D’après nous, si nous sentons, malgré le caractère presque 100 % instrumental (des fragments de discours sont présents sur deux titres) un propos visant à décrire les errances d’une civilisation à bout de souffle (nous savons tous que si nous ne changeons pas certaines de nos mauvaises habitudes consuméristes nous conduisons notre propre espèce à la mort), son cynisme l’a conduira inexorablement à reproduire les mêmes schémas. En osant cette complexité rythmique, avant-gardiste, en osant les sonorités différentes, c’est comme si le musicien nous démontrait, la preuve par deux, que nous pouvons changer des choses tout en poursuivant à générer de la beauté, de l’innocence, de la générosité, de la vie, comme elle devrait finalement être.
LE titre de Cynism.
Cet album demande un léger temps d’adaptation. Il demande potentiellement plusieurs écoutes. C’est une évidence, il faut s’impliquer pour le découvrir, donner un peu de soi pour accepter ce que nous offre S8JFOU. Parce que son Cynism est d’une générosité folle, d’une inventivité rare, et que de telles œuvres méritent d’être saluée pour ce qu’elles sont : des reflets du monde, ni plus ni moins, mais également une lueur d’espoir, sans cynisme. Magnifique.
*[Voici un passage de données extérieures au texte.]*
Lemma orbit_reaches_below p x t : Vbar p -> lt_on id p -> I x -> I t ->
  exists n, exists2 z, I z /\ z < t & iter n p z = x.
Proof.
move=> Vp p_pos Ix It; have [n x_lt] := orbit_unbounded Vp p_pos It Ix.
have Vpn := Vbar_iter n Vp; have [k Vk [_ kp]] := Vbar_inv Vpn.
exists n, (k x) => //; have Ikx := Vbar_mapsto Vk Ix.
by split => //; rewrite -(Vbar_ltE Vpn Ikx It) kp.
Qed.

Variable x0 : R.
Hypothesis Ix0 : I x0.

Lemma lt_on_le_on_absurd f g : lt_on f g -> le_on g f -> False.
Proof. by move=> /(_ x0 Ix0) fg /(_ x0 Ix0); rewrite leNgt fg. Qed.

Lemma Vbar_archimedean a b :
  Vbar a -> lt_on id a -> Vbar b -> exists n, lt_on b (iter n a).
Proof.
move=> Va a_pos Vb; have Ibx0 := Vbar_mapsto Vb Ix0.
have [n bx0_lt] := orbit_unbounded Va a_pos Ix0 Ibx0.
exists n; case: (Vbar_le_or_lt (Vbar_iter n Va) Vb) => // an_le_b.
by have := an_le_b x0 Ix0; rewrite leNgt bx0_lt.
Qed.

Lemma Vbar_floor d a : Vbar d -> lt_on id d -> Vbar a -> lt_on id a ->
  exists m, le_on (iter m d) a /\ lt_on a (iter m.+1 d).
Proof.
move=> Vd d_pos Va a_pos.
have exP : exists n, `[< lt_on a (iter n d) >].
  by have [n ?] := Vbar_archimedean Vd d_pos Va; exists n; exact/asboolP.
case: (ex_minnP exP) => -[/asboolP a_lt_id|m /asboolP a_lt min_m].
  by case: (lt_on_le_on_absurd a_lt_id) => x Ix; rewrite ltW ?a_pos.
exists m; split => //; case: (Vbar_le_or_lt (Vbar_iter m Vd) Va) => // a_lt'.
by have := min_m m (asboolT a_lt'); rewrite ltnn.
Qed.

Lemma Vbar_least_positive_powers e g :
  Vbar e -> lt_on id e -> (forall h, Vbar h -> lt_on id h -> le_on e h) ->
  Vbar g -> lt_on id g -> exists m, g = iter m e.
Proof.
move=> Ve e_pos e_least Vg g_pos.
have [m [em_le_g g_lt]] := Vbar_floor Ve e_pos Vg g_pos.
exists m; case: (Vbar_total (Vbar_iter m Ve) Vg) => [//|[em_lt_g|g_lt_em]].
  2: by case: (lt_on_le_on_absurd g_lt_em em_le_g).
have Vem := Vbar_iter m Ve; have [k Vk [_ kem]] := Vbar_inv Vem.
have Ikg x : I x -> I (k (g x)) by move=> Ix; do 2 apply: Vbar_mapsto => //.
have kg_pos : lt_on id (k \o g).
  by move=> x Ix; rewrite /= -(Vbar_ltE Vem Ix (Ikg x Ix)) kem; exact: em_lt_g.
case: (lt_on_le_on_absurd g_lt) => x Ix.
have := e_least _ (Vbar_comp Vk Vg) kg_pos x Ix.
by rewrite /= -(Vbar_leE Vem (Vbar_mapsto Ve Ix) (Ikg x Ix)) kem -iterSr.
Qed.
Vous l’avez compris, nous l’avons déjà cité, il s’agit de Digitall. Mais, pour être complet, nous considérons qu’avec Mickey under every wall ils forment un diptyque des plus pénétrants, émotionnellement impactant. D’autres titres leur damnent presque le pion, comme l’aérien Fond memory of youth par exemple, pourtant ces deux titres en milieu d’album font basculer les réticences que peut-être nous ressentions à la première écoute.
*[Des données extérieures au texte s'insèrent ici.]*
Lemma TI_vertex_list_spec v : Vs v <-> In v TI_vertex_list.
Proof.
  unfold TI_vertex_list. split.
  - destruct v; intros H; simpl in H.
    + in_app 0. apply in_map, in_seq; lia.
    + in_app 1. apply in_map, in_seq; lia.
    + in_app 2. apply in_map, in_seq; lia.
    + in_app 3. apply in_map, in_seq; lia.
    + in_app 4. apply in_map, in_seq; lia.
    + in_app 5. apply in_flat_map. exists j. split; [apply in_seq; lia|].
      in_app 0. apply in_map, in_seq; lia.
    + in_app 5. apply in_flat_map. exists j. split; [apply in_seq; lia|].
      in_app 1. apply in_map, in_seq; lia.
    + in_app 5. apply in_flat_map. exists j. split; [apply in_seq; lia|].
      in_app 2. apply in_map, in_seq; lia.
    + in_app 5. apply in_flat_map. exists j. split; [apply in_seq; lia|].
      do 3 (apply in_app_iff; right). left; reflexivity.
    + do 6 (apply in_app_iff; right). destruct H as [H1 H2]. pose proof (in_delta_range _ _ H2).
      apply in_flat_map. exists i. split; [apply in_seq; lia|].
      apply in_flat_map. exists j. split; [apply in_seq; lia|].
      apply in_deltab_spec in H2. rewrite H2. left; reflexivity.
    + do 6 (apply in_app_iff; right). destruct H as [H1 H2]. pose proof (in_delta_range _ _ H2).
      apply in_flat_map. exists i. split; [apply in_seq; lia|].
      apply in_flat_map. exists j. split; [apply in_seq; lia|].
      apply in_deltab_spec in H2. rewrite H2. right; left; reflexivity.
  - intros H.
    repeat match goal with
    | H : In _ (_ ++ _) |- _ => apply in_app_iff in H; destruct H as [H|H]
    | H : In _ (map _ _) |- _ => apply in_map_iff in H; destruct H as [? [? H]]
    | H : In _ (flat_map _ _) |- _ => apply in_flat_map in H; destruct H as [? [? H]]
    | H : In _ (seq _ _) |- _ => apply in_seq in H
    | H : In _ (if ?b then _ else _) |- _ =>
        let E := fresh in destruct b eqn:E; [apply in_deltab_spec in E|]
    | H : In _ [] |- _ => destruct H
    | H : In _ (_ :: _) |- _ => destruct H as [H|H]
    end; subst; simpl; try lia; split; auto; lia.
Qed.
Car il est vrai que ce qui se déroule ensuite renoue un peu plus avec un aspect animal, comme si un apaisement venait de se produire, qui annihile partiellement les rythmiques échevelées pour d’autres plus apaisées. Mais quand nous remettons le disque à son début, nos perceptions ne sont plus les mêmes et un éveil permanent s’offre à nous, à chaque écoute, dévoilant les secrets de titres que nous estimions à tort plus faibles, nous entraînant sans cesse vers une écoute supplémentaire, comme pour mieux comprendre l’album et, d’une façon plus général, le monde qui nous entoure.